## Exercise inputs
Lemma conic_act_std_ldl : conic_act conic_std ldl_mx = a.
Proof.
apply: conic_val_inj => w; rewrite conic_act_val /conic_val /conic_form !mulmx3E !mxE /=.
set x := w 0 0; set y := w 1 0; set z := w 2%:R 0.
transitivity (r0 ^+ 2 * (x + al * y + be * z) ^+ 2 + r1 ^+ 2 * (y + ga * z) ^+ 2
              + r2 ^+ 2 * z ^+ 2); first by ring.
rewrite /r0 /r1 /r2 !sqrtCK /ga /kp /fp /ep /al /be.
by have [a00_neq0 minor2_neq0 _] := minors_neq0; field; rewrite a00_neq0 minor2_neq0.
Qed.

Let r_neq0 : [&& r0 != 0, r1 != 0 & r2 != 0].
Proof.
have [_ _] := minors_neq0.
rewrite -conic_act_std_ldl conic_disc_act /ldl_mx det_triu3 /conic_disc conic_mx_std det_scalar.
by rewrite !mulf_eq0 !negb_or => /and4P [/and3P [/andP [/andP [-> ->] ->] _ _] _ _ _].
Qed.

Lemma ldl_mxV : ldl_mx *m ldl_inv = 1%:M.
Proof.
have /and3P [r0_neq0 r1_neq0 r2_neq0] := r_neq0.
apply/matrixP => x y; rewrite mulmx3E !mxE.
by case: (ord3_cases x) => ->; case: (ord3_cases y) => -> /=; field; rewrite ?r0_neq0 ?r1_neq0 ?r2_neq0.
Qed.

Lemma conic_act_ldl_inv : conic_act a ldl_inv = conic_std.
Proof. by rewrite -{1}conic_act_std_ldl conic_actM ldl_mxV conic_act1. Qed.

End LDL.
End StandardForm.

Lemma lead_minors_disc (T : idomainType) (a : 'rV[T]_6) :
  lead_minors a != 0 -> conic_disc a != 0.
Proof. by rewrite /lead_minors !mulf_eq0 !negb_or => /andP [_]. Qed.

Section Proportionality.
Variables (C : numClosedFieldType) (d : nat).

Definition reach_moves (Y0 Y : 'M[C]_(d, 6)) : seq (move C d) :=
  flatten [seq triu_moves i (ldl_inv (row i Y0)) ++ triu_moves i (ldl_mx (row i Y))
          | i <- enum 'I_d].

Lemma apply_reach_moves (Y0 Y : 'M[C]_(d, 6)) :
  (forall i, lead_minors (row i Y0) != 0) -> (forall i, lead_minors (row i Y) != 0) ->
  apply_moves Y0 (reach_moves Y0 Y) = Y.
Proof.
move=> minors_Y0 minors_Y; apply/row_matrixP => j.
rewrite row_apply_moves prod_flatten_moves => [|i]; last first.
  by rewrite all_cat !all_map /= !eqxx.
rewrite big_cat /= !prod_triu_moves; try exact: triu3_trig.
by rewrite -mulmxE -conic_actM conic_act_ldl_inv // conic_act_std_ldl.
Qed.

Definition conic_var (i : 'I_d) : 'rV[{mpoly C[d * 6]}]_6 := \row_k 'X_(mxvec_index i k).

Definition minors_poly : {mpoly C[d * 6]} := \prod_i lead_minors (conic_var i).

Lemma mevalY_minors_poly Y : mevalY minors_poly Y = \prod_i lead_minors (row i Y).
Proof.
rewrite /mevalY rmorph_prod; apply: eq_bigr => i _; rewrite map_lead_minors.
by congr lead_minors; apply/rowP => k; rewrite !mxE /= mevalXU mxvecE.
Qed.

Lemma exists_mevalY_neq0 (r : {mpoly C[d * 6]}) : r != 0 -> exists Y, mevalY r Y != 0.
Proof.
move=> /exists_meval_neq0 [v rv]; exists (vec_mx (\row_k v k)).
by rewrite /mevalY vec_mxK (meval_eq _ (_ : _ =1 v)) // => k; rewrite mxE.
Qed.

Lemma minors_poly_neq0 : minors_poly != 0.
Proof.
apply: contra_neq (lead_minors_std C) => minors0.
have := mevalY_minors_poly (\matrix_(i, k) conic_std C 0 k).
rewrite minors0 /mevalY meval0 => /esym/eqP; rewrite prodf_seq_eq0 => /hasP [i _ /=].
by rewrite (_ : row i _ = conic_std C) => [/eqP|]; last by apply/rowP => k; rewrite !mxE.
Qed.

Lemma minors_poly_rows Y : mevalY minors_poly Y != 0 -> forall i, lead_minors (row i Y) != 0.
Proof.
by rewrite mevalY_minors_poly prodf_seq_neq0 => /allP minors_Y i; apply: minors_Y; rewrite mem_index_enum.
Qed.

## Assignment
When you reach the line containing "Definition conic_var (i" in the data above, start copying exactly, and stop after the line containing "rewrite minors0 /mevalY".

## Completed exercise
Definition conic_var (i : 'I_d) : 'rV[{mpoly C[d * 6]}]_6 := \row_k 'X_(mxvec_index i k).

Definition minors_poly : {mpoly C[d * 6]} := \prod_i lead_minors (conic_var i).

Lemma mevalY_minors_poly Y : mevalY minors_poly Y = \prod_i lead_minors (row i Y).
Proof.
rewrite /mevalY rmorph_prod; apply: eq_bigr => i _; rewrite map_lead_minors.
by congr lead_minors; apply/rowP => k; rewrite !mxE /= mevalXU mxvecE.
Qed.

Lemma exists_mevalY_neq0 (r : {mpoly C[d * 6]}) : r != 0 -> exists Y, mevalY r Y != 0.
Proof.
move=> /exists_meval_neq0 [v rv]; exists (vec_mx (\row_k v k)).
by rewrite /mevalY vec_mxK (meval_eq _ (_ : _ =1 v)) // => k; rewrite mxE.
Qed.

Lemma minors_poly_neq0 : minors_poly != 0.
Proof.
apply: contra_neq (lead_minors_std C) => minors0.
have := mevalY_minors_poly (\matrix_(i, k) conic_std C 0 k).
rewrite minors0 /mevalY meval0 => /esym/eqP; rewrite prodf_seq_eq0 => /hasP [i _ /=].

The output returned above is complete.